(* Let $q\ge2$, $G\in\mathbb G^q$ and $S=\Psi(G)$. Let $w$ be a white vertex of $S$ and suppose some edge $e$ incident to $w$ is a bridge of $S$ such that the connected component of $S\setminus e$ not containing $w$ is a tree. Then $w$ is admissible.
   Context: Fix an integer $q\ge 2$. A $(q+1)$-edge-colored graph (colored graph) is a finite connected graph, multiple edges allowed and no loops, whose edges carry colors in $\{0,1,\dots,q\}$ such that every vertex is incident to exactly one edge of each color. It is rooted if one color-0 edge is distinguished and oriented; it is bipartite if its vertices can be colored black and white so that every edge joins a black and a white vertex, with the convention that the origin of the root edge is black. $\mathbb G^q$ denotes the set of rooted bipartite colored graphs. Constellations: given $G\in\mathbb G^q$, its constellation $S=\Psi(G)$ is obtained as follows: orient every edge from its black to its white endpoint; contract every color-0 edge into a single vertex, called a white vertex of $S$ (the one coming from the root edge is the root vertex). For each $i\in\{1,\dots,q\}$ the color-$i$ edges now form directed cycles; for each such cycle, passing through white vertices $w_1,\dots,w_p$ in this cyclic order, add a new vertex of color $i$ joined by one color-$i$ edge to each $w_k$, equip the new vertex with the cyclic order $(w_1,\dots,w_p)$ of its incident edges, and delete the original color-$i$ edges of the cycle. $\Psi$ is a bijection from $\mathbb G^q$ onto the set of resulting objects ($q$-constellations). A white vertex $w$ of $S=\Psi(G)$ is admissible if the two endpoints of the color-0 edge of $G$ contracted to $w$ are joined in $G$ by a path containing no color-0 edge. *)

From mathcomp Require Import all_boot.
Set Implicit Arguments. Unset Strict Implicit. Unset Printing Implicit Defensive.

Section SimpleGraph.
Variable T : finType.

Definition remove_edge (r : rel T) (a b : T) : rel T :=
  fun x y => r x y && ~~ (((x == a) && (y == b)) || ((x == b) && (y == a))).

(* {a,b} is a bridge: an edge whose deletion disconnects its endpoints,
   i.e. increases the number of connected components *)
Definition is_bridge (r : rel T) (a b : T) : Prop :=
  r a b /\ ~ connect (remove_edge r a b) a b.

Definition induced (r : rel T) (A : {set T}) : rel T :=
  fun x y => [&& r x y, x \in A & y \in A].

Definition has_cycle (r : rel T) : Prop :=
  exists (x : T) (p : seq T),
    [/\ uniq (x :: p), 2 <= size p, path r x p & r (last x p) x].

Definition is_tree (r : rel T) (A : {set T}) : Prop :=
  [/\ A != set0,
      (forall x y, x \in A -> y \in A -> connect (induced r A) x y)
    & ~ has_cycle (induced r A)].
End SimpleGraph.

(* ---------- (q+1)-edge-colored graphs ----------
   Since every vertex is incident to exactly one edge of each color, a
   colored graph on vertex set V is the same as a family of fixed-point-free
   involutions sigma i (i = 0..q): sigma i v is the other endpoint of the
   color-i edge at v (no loops = fixed-point-free). *)

Definition Grel (q : nat) (V : finType) (sigma : 'I_q.+1 -> V -> V) : rel V :=
  fun x y => [exists i : 'I_q.+1, sigma i x == y].

Definition Grel_nonzero (q : nat) (V : finType) (sigma : 'I_q.+1 -> V -> V) : rel V :=
  fun x y => [exists i : 'I_q.+1, (i != ord0) && (sigma i x == y)].

Definition colored_graph (q : nat) (V : finType) (sigma : 'I_q.+1 -> V -> V) : Prop :=
  [/\ forall i, involutive (sigma i),
      forall i v, sigma i v != v
    & forall x y, connect (Grel sigma) x y].

(* rooted bipartite colored graph: root is the (black) origin of the
   distinguished color-0 edge {root, sigma 0 root}; black is the
   bipartition (true = black) *)
Definition rooted_bipartite (q : nat) (V : finType) (sigma : 'I_q.+1 -> V -> V)
    (root : V) (black : V -> bool) : Prop :=
  [/\ colored_graph sigma, black root
    & forall i v, black (sigma i v) = ~~ black v].

(* ---------- The constellation S = Psi(G) ----------
   White vertices of S = color-0 edges of G, each indexed by its black
   endpoint u (vertex inl u, u black).  After contracting color-0 edges and
   orienting edges black -> white, the color-i edges (i >= 1) form the
   directed cycles of the permutation phi i = sigma 0 \o sigma i on black
   vertices; the color-i vertex of S for such a cycle is inr (i, C) where C
   is the set of (black indices of) white vertices on the cycle.
   Elements of the vertex type not of this form are isolated dummies. *)

Definition phi (q : nat) (V : finType) (sigma : 'I_q.+1 -> V -> V) (i : 'I_q.+1) : V -> V :=
  fun v => sigma ord0 (sigma i v).

Definition cyc (q : nat) (V : finType) (sigma : 'I_q.+1 -> V -> V) (i : 'I_q.+1) (u : V)
  : {set V} := [set v | fconnect (phi sigma i) u v].

Definition Svert (q : nat) (V : finType) : finType :=
  (V + ('I_q.+1 * {set V}))%type.

Definition Sadj (q : nat) (V : finType) (sigma : 'I_q.+1 -> V -> V) (black : V -> bool)
  : rel (Svert q V) :=
  fun x y =>
    match x, y with
    | inl u, inr (i, C) => [&& black u, i != ord0 & C == cyc sigma i u]
    | inr (i, C), inl u => [&& black u, i != ord0 & C == cyc sigma i u]
    | _, _ => false
    end.

(* the white vertex of S indexed by black u is admissible: the endpoints
   u and sigma 0 u of the contracted color-0 edge are joined in G by a path
   using no color-0 edge *)
Definition admissible (q : nat) (V : finType) (sigma : 'I_q.+1 -> V -> V) (u : V) : Prop :=
  connect (Grel_nonzero sigma) u (sigma ord0 u).

From mathcomp Require Import all_boot.
Set Implicit Arguments. Unset Strict Implicit. Unset Printing Implicit Defensive.

(* A white vertex is admissible as soon as, for some color j, all the other
   white vertices on its color-j cycle are: walk once around the cycle, using
   the color-j edges and the color-free paths supplied by admissibility.
   Suppose u is not admissible, and let K be the component of S minus the
   bridge e = {u, z} containing z. Every non-admissible white vertex of K has
   q >= 2 color neighbours in K, and every color vertex of K other than z that
   is adjacent to a non-admissible white vertex has another non-admissible
   white neighbour in K; z itself has one, since u is not admissible. So a walk
   from z through non-admissible white vertices never has to backtrack and
   never gets stuck before returning to z; it must repeat a vertex and thereby
   closes a cycle in the tree K. *)

Section SimpleGraphFacts.
Variable T : finType.

Lemma remove_edge_sym (r : rel T) a b :
  symmetric r -> symmetric (remove_edge r a b).
Proof.
move=> r_sym x y; rewrite /remove_edge r_sym.
by case: (x == a); case: (x == b); case: (y == a); case: (y == b);
  rewrite ?andbF ?andbT ?orbF.
Qed.

Lemma remove_edge_irr (r : rel T) a b :
  irreflexive r -> irreflexive (remove_edge r a b).
Proof. by move=> r_irr x; rewrite /remove_edge r_irr. Qed.

Lemma induced_sym (r : rel T) A : symmetric r -> symmetric (induced r A).
Proof. by move=> r_sym x y; rewrite /induced r_sym [(x \in A) && _]andbC. Qed.

Lemma induced_irr (r : rel T) A : irreflexive r -> irreflexive (induced r A).
Proof. by move=> r_irr x; rewrite /induced r_irr. Qed.

Variables (r e : rel T).
Hypotheses (r_sym : symmetric r) (r_irr : irreflexive r) (e_sub : subrel e r).

Lemma nonbacktracking_walk_has_cycle x0 x1 :
  e x0 x1 ->
  (forall x y, e x y -> y != x0 -> exists2 y', y' != x & e y y') ->
  has_cycle r.
Proof.
move=> e01 extend.
suff grow n x y s : #|T| <= n + size s -> e x y -> uniq [:: y, x & s] ->
    path r y (x :: s) -> last x s = x0 -> has_cycle r.
  apply: (grow #|T| x0 x1 [::]) => //=; first by rewrite addn0.
    by rewrite inE andbT; apply: contraTneq (e_sub e01) => ->; rewrite r_irr.
  by rewrite r_sym e_sub.
(* The walk [y, x & s] is stored newest vertex first. *)
elim: n x y s => [|n IH] x y s le_T exy uniq_w path_w last_w.
  move/card_uniqP: uniq_w => card_w.
  by have := max_card (mem [:: y, x & s]); rewrite card_w /= ltnNge ltnW.
have yx0 : y != x0.
  by apply: contraTneq uniq_w => ->; rewrite /= -last_w mem_last.
have [y' y'x eyy'] := extend x y exy yx0.
have [y'_old | y'_new] := boolP (y' \in x :: s).
  (* [y'] is neither [y] nor [x], so the cycle has at least three vertices. *)
  have y'_s : y' \in s by move: y'_old; rewrite inE (negbTE y'x).
  move: uniq_w path_w; case/splitPr: y'_s => s1 s2.
  rewrite -cat_rcons -!cat_cons cat_uniq cat_path.
  case/andP=> uniq_cyc _ /andP[path_cyc _].
  exists y, (x :: rcons s1 y'); split=> //; first by rewrite /= size_rcons.
  by rewrite /= last_rcons r_sym e_sub.
apply: (IH y y' (x :: s)) => //; first by rewrite addnS -addSn.
- have y'y : y' != y by apply: contraTneq (e_sub eyy') => ->; rewrite r_irr.
  by rewrite [uniq _]/= inE negb_or y'y y'_new.
- by rewrite /= r_sym e_sub.
Qed.
End SimpleGraphFacts.

Lemma exists_other_color q (hq : 2 <= q) (j : 'I_q.+1) :
  exists2 j' : 'I_q.+1, j' != ord0 & j' != j.
Proof.
have [lt1 lt2] : 1 < q.+1 /\ 2 < q.+1 by split; [apply: ltnW | ].
have ne_val (k l : 'I_q.+1) : val k != val l -> k != l by apply: contraNneq => ->.
have [->|j1] := eqVneq j (inord 1).
  by exists (inord 2); apply: ne_val; rewrite /= !inordK.
by exists (inord 1); [apply: ne_val; rewrite /= inordK | rewrite eq_sym].
Qed.

Section Constellation.
Variables (q : nat) (V : finType) (sigma : 'I_q.+1 -> V -> V) (black : V -> bool).
Hypotheses (sigma_inv : forall i, involutive (sigma i))
           (black_sigma : forall i v, black (sigma i v) = ~~ black v).

Lemma phi_inj i : injective (phi sigma i).
Proof. by move=> x y /(inv_inj (sigma_inv ord0)) /(inv_inj (sigma_inv i)). Qed.

Lemma eq_cyc i v w : w \in cyc sigma i v -> cyc sigma i w = cyc sigma i v.
Proof.
rewrite inE => vw; apply/setP => x; rewrite !inE.
by rewrite (same_connect (fconnect_sym (@phi_inj i)) vw).
Qed.

Lemma black_cyc i v w : w \in cyc sigma i v -> black w = black v.
Proof.
rewrite inE => /iter_findex <-; elim: (findex _ v w) => //= n IH.
by rewrite /phi !black_sigma negbK.
Qed.

Lemma Sadj_sym : symmetric (Sadj sigma black).
Proof. by case=> [a|[i C]] [b|[j D]]. Qed.

Lemma Sadj_irr : irreflexive (Sadj sigma black).
Proof. by case=> [a|[i C]]. Qed.

Lemma Grel_nonzero_sym : symmetric (Grel_nonzero sigma).
Proof.
move=> x y; apply/existsP/existsP => -[i /andP[i0 /eqP <-]];
  by exists i; rewrite i0 /= ?sigma_inv.
Qed.

(* Going once around the [j]-cycle of [v]: the color-[j] edge leaves each
   member [x] towards [sigma 0 (phi j x)], and admissibility of the next
   member brings the walk back to it. *)
Lemma admissible_of_cycle j v : j != ord0 ->
  (forall w, w \in cyc sigma j v -> w != v -> admissible sigma w) ->
  admissible sigma v.
Proof.
move=> j0 adm_cyc; rewrite /admissible.
set f := phi sigma j; set E := Grel_nonzero sigma.
have E_csym : connect_sym E by apply: sym_connect_sym; apply: Grel_nonzero_sym.
have step x : E x (sigma ord0 (f x)).
  by apply/existsP; exists j; rewrite j0 /f /phi sigma_inv eqxx.
have walk m : m < order f v -> connect E v (iter m f v).
  elim: m => [|m IH] lt_m; first exact: connect0.
  apply: connect_trans (IH (ltnW lt_m)) (connect_trans (connect1 (step _)) _).
  rewrite E_csym; apply: adm_cyc; first by rewrite inE fconnect_iter.
  by apply/eqP => fmv; have := findex_iter lt_m; rewrite fmv findex0.
have := walk (order f v).-1; rewrite ltn_predL order_gt0 => /(_ isT) /connect_trans.
apply; apply: connect1.
by have := step (finv f v); rewrite f_finv //; apply: phi_inj.
Qed.

Lemma nonadmissible_cycle_mate j v : j != ord0 -> ~ admissible sigma v ->
  exists w, [/\ w \in cyc sigma j v, w != v & ~ admissible sigma w].
Proof.
move=> j0 nadm_v.
have /existsP[w /and3P[wC wv /negP nadm_w]] :
    [exists w, [&& w \in cyc sigma j v, w != v
                 & ~~ connect (Grel_nonzero sigma) w (sigma ord0 w)]].
  apply: contraT => /existsPn none; case: nadm_v.
  apply: (admissible_of_cycle j0) => w wC wv.
  by move: (none w); rewrite wC wv /= negbK.
by exists w.
Qed.

Section BridgeComponent.
Variables (u : V) (z : Svert q V).
Hypothesis uz_cut : ~ connect (remove_edge (Sadj sigma black) (inl u) z) (inl u) z.

Local Notation S' := (remove_edge (Sadj sigma black) (inl u) z).
Local Notation K := [set y | connect S' z y].

Definition nonadmissible_vertex (x : Svert q V) : bool :=
  if x is inl v then ~~ connect (Grel_nonzero sigma) v (sigma ord0 v) else true.

Definition nonadmissible_edge : rel (Svert q V) := fun x y =>
  [&& induced S' K x y, nonadmissible_vertex x & nonadmissible_vertex y].

Lemma nonadmissible_edge_extends (hq : 2 <= q) x y :
  nonadmissible_edge x y -> y != z -> exists2 y', y' != x & nonadmissible_edge y y'.
Proof.
case/and3P=> /and3P[xy _ yK] bad_x bad_y yz.
have extend y' : S' y y' -> nonadmissible_vertex y' -> nonadmissible_edge y y'.
  move=> yy' bad_y'; rewrite /nonadmissible_edge /induced yy' yK bad_y bad_y' !andbT /=.
  by move: yK; rewrite !inE => /connect_trans; apply; apply: connect1.
case: y xy yK bad_y yz extend => [v|[j C]] xy vK bad_v yz extend.
- case: x xy {bad_x} => [//|[jc C']] /andP[/and3P[bv _ _] _].
  have [j' j'0 j'jc] := exists_other_color hq jc.
  exists (inr (j', cyc sigma j' v)); first by apply: contra j'jc => /eqP[->].
  apply: extend => //; rewrite /remove_edge /= bv j'0 eqxx /= andbF orbF.
  have uK : inl u \notin K.
    rewrite inE; apply/negP.
    by rewrite (sym_connect_sym (remove_edge_sym _ _ Sadj_sym)).
  have vu : inl v != inl u :> Svert q V.
    by apply: contraNneq uK => vu; move: vK; rewrite vu.
  by rewrite (negbTE vu).
- case: x xy bad_x => [v0|[? ?] //] /andP[/and3P[bv0 j0 /eqP defC] _] bad_v0.
  have [w [wC wv0 /negP bad_w]] := nonadmissible_cycle_mate j0 (negP bad_v0).
  exists (inl w); first by apply: contra wv0 => /eqP[->].
  apply: extend => //; rewrite /remove_edge /= (black_cyc wC) bv0 j0 defC (eq_cyc wC).
  by rewrite eqxx -defC (negbTE yz).
Qed.

Lemma nonadmissible_edge_at_bridge :
  Sadj sigma black (inl u) z -> ~ admissible sigma u ->
  exists v, nonadmissible_edge z (inl v).
Proof.
case ez: z => [//|[i C]] /and3P[bu i0 /eqP defC] nadm_u.
have [v [vC vu /negP nadm_v]] := nonadmissible_cycle_mate i0 nadm_u.
have zv : S' z (inl v).
  rewrite ez /remove_edge /= (black_cyc vC) bu i0 defC (eq_cyc vC) !eqxx /=.
  by apply: contra vu => /eqP[->].
exists v; rewrite /nonadmissible_edge /induced /nonadmissible_vertex nadm_v /= -ez zv.
by rewrite !inE connect0 connect1.
Qed.
End BridgeComponent.
End Constellation.

Theorem mainTheorem5 (q : nat) (hq : 2 <= q) (V : finType)
    (sigma : 'I_q.+1 -> V -> V) (root : V) (black : V -> bool)
    (hG : rooted_bipartite sigma root black)
    (u : V) (hu : black u) (z : Svert q V)
    (hbridge : is_bridge (Sadj sigma black) (inl u) z)
    (htree : is_tree (remove_edge (Sadj sigma black) (inl u) z)
                     [set y | connect (remove_edge (Sadj sigma black) (inl u) z) z y]) :
  admissible sigma u.
Proof.
case: hG => [[sigma_inv _ _] _ black_sigma].
case: hbridge htree => uz_edge uz_cut [_ _ acyclic].
apply: contraT => /negP nadm_u; case: acyclic.
have [v start] := nonadmissible_edge_at_bridge sigma_inv black_sigma uz_edge nadm_u.
apply: (nonbacktracking_walk_has_cycle _ _ _ start).
- exact/induced_sym/remove_edge_sym/Sadj_sym.
- exact/induced_irr/remove_edge_irr/Sadj_irr.
- by move=> x y /andP[].
- by move=> x y; apply: nonadmissible_edge_extends.
Qed.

══════

What you are asked to do: The lines above, starting at the one with "Definition remove_edge (r" and ending at the one with "fun x y => [&& r x y, x \in A & y \in A].", are the only ones to return, exactly as written.

Response to this exercise:
Definition remove_edge (r : rel T) (a b : T) : rel T :=
  fun x y => r x y && ~~ (((x == a) && (y == b)) || ((x == b) && (y == a))).

(* {a,b} is a bridge: an edge whose deletion disconnects its endpoints,
   i.e. increases the number of connected components *)
Definition is_bridge (r : rel T) (a b : T) : Prop :=
  r a b /\ ~ connect (remove_edge r a b) a b.

Definition induced (r : rel T) (A : {set T}) : rel T :=
  fun x y => [&& r x y, x \in A & y \in A].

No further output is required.